花王のプレステージブランド「エスト(EST)」は10月10日、ベーシックラインでブランドを象徴する“ザ ローション”と乳液をリニューアル発売する。刷新は8年ぶり。乾燥が進行する日本で、“砂漠スキンケア”としてアプローチする。
“ザ ローション”は、2000年のブランド立ち上げと同時に発売されたシグネチャーアイテムで、過去に04年、17年と計3回のリニューアルを重ねてきた。現行モデルは米・モハベ砂漠での実験を通じ、極度の乾燥環境下でも潤いを保持することを確認。「究極の保湿化粧水」として展開し、高い支持を獲得している。
「砂漠スキンケア」を
アタカマ砂漠で実証
新製品は「潤いを超えた肌」として、水を留めて潤いとハリに満ち続ける肌を目指し新成分を開発。エジプト砂漠の塩湖に生息する極限環境生物と、極度の乾燥下で干からびても生き続ける生物「ネムリユスリカ」が生み出す成分、さらに花王が長年研究してきた保水技術を融合した。

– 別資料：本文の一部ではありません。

Lemma pc_power_sums_3 x : 0 < x < PI / INR 3 -> pc_power_sums 3 x.
Proof.
  intros Hx; unfold pc_power_sums; expand_pc_sums 3%nat x Hx.
  replace (thk 3 1) with (- (PI / 6)) in * by (unfold thk; simpl; field).
  replace (thk 3 2) with (PI / 6) in * by (unfold thk; simpl; field).
  replace (thk 3 3) with (PI / 2) in * by (unfold thk; simpl; field).
  pose proof (sqrt_sqrt 3 ltac:(lra)).
  solve_pc_sums x.
Qed.

Lemma pc_power_sums_4 x : 0 < x < PI / INR 4 -> pc_power_sums_by_parity 4 x.
Proof.
  intros Hx; unfold pc_power_sums_by_parity; expand_pc_sums 4%nat x Hx.
  replace (thk 4 1) with (- (PI / 4)) in * by (unfold thk; simpl; field).
  replace (thk 4 2) with 0 in * by (unfold thk; simpl; field).
  replace (thk 4 3) with (PI / 4) in * by (unfold thk; simpl; field).
  replace (thk 4 4) with (PI / 2) in * by (unfold thk; simpl; field).
  pose proof (sqrt_sqrt 2 ltac:(lra)).
  assert (sqrt 2 <> 0) by (apply Rgt_not_eq, sqrt_lt_R0; lra).
  solve_pc_sums x.
Qed.

Lemma pc_power_sums_6 x : 0 < x < PI / INR 6 -> pc_power_sums 6 x.
Proof.
  intros Hx; unfold pc_power_sums; expand_pc_sums 6%nat x Hx.
  replace (thk 6 1) with (- (PI / 3)) in * by (unfold thk; simpl; field).
  replace (thk 6 2) with (- (PI / 6)) in * by (unfold thk; simpl; field).
  replace (thk 6 3) with 0 in * by (unfold thk; simpl; field).
  replace (thk 6 4) with (PI / 6) in * by (unfold thk; simpl; field).
  replace (thk 6 5) with (PI / 3) in * by (unfold thk; simpl; field).
  replace (thk 6 6) with (PI / 2) in * by (unfold thk; simpl; field).
  pose proof (sqrt_sqrt 3 ltac:(lra)).
  solve_pc_sums x.
Qed.

(* [T] is the mean curvature [H^S]; these are the formulas for [H] and [n |A|^2 - H^2] at
   [y = e^{ix}], with the denominator [sin (g x)] cleared. *)
Definition shape_identities (g m1 m2 : nat) (x : R) : Prop :=
  let n := ndim g m1 m2 in let d := delta g m1 m2 in
  let C := cos (INR g * x) in let S := sin (INR g * x) in
  let T := trAS g m1 m2 (cos x, sin x) in
  T * S = - n * (C + d) /\
  (n * normAS2 g m1 m2 (cos x, sin x) - T ^ 2) * S ^ 2 =
    n ^ 2 * (INR g - 1 + (INR g - 2) * d * C - d ^ 2).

製品開発に際して、開発担当者や清原麻紀子ブランドマネジャーら4人で、世界で最も乾燥した地としてギネス世界記録に認定されている南米チリのアタカマ砂漠での実証試験を敢行した。現地の湿度はわずか9.2%、気温20度という条件下で化粧水と乳液を塗布し、6時間後の水分保持力やキメ、ハリの変化を測定した。
「塗布前の目はシワシワ、頬はパキパキ。体感としても水分が蒸発するのがわかった。身の危険を感じた」(担当者)という過酷な環境下でも、新製品は6時間後まで高い水分量を維持したという。帰国後はアタカマ砂漠の環境を国内で再現し、繰り返し実験。従来品と比較しても明確な水分保持力の向上が確認された。「実証結果は、これ以上ない確信に変わった」と自信をのぞかせる。
清原ブランドマネジャーは、「進化し尽くした化粧水研究の中で、あえて原点に立ち返り、なおかつその限界を超えることができた」と手応えを語る。
新“ザ ローション EX”は、キメを整えるタイプ、明るさタイプ、もっちりタイプの3種(140mL、各6930円/レフィル130mL、6380円)をそろえる。“ザ エマルジョン EX”は、乾燥、明るさ、ハリに対応する3種(120g、7370円/レフィル120g、7040円)を用意する。
初年度の売上目標は前年比1.3倍。新規顧客数では同10倍増を掲げる。“ザ ローション”は中国の消費者にも認知度が高く、越境ECでの販売拡大にも取り組む。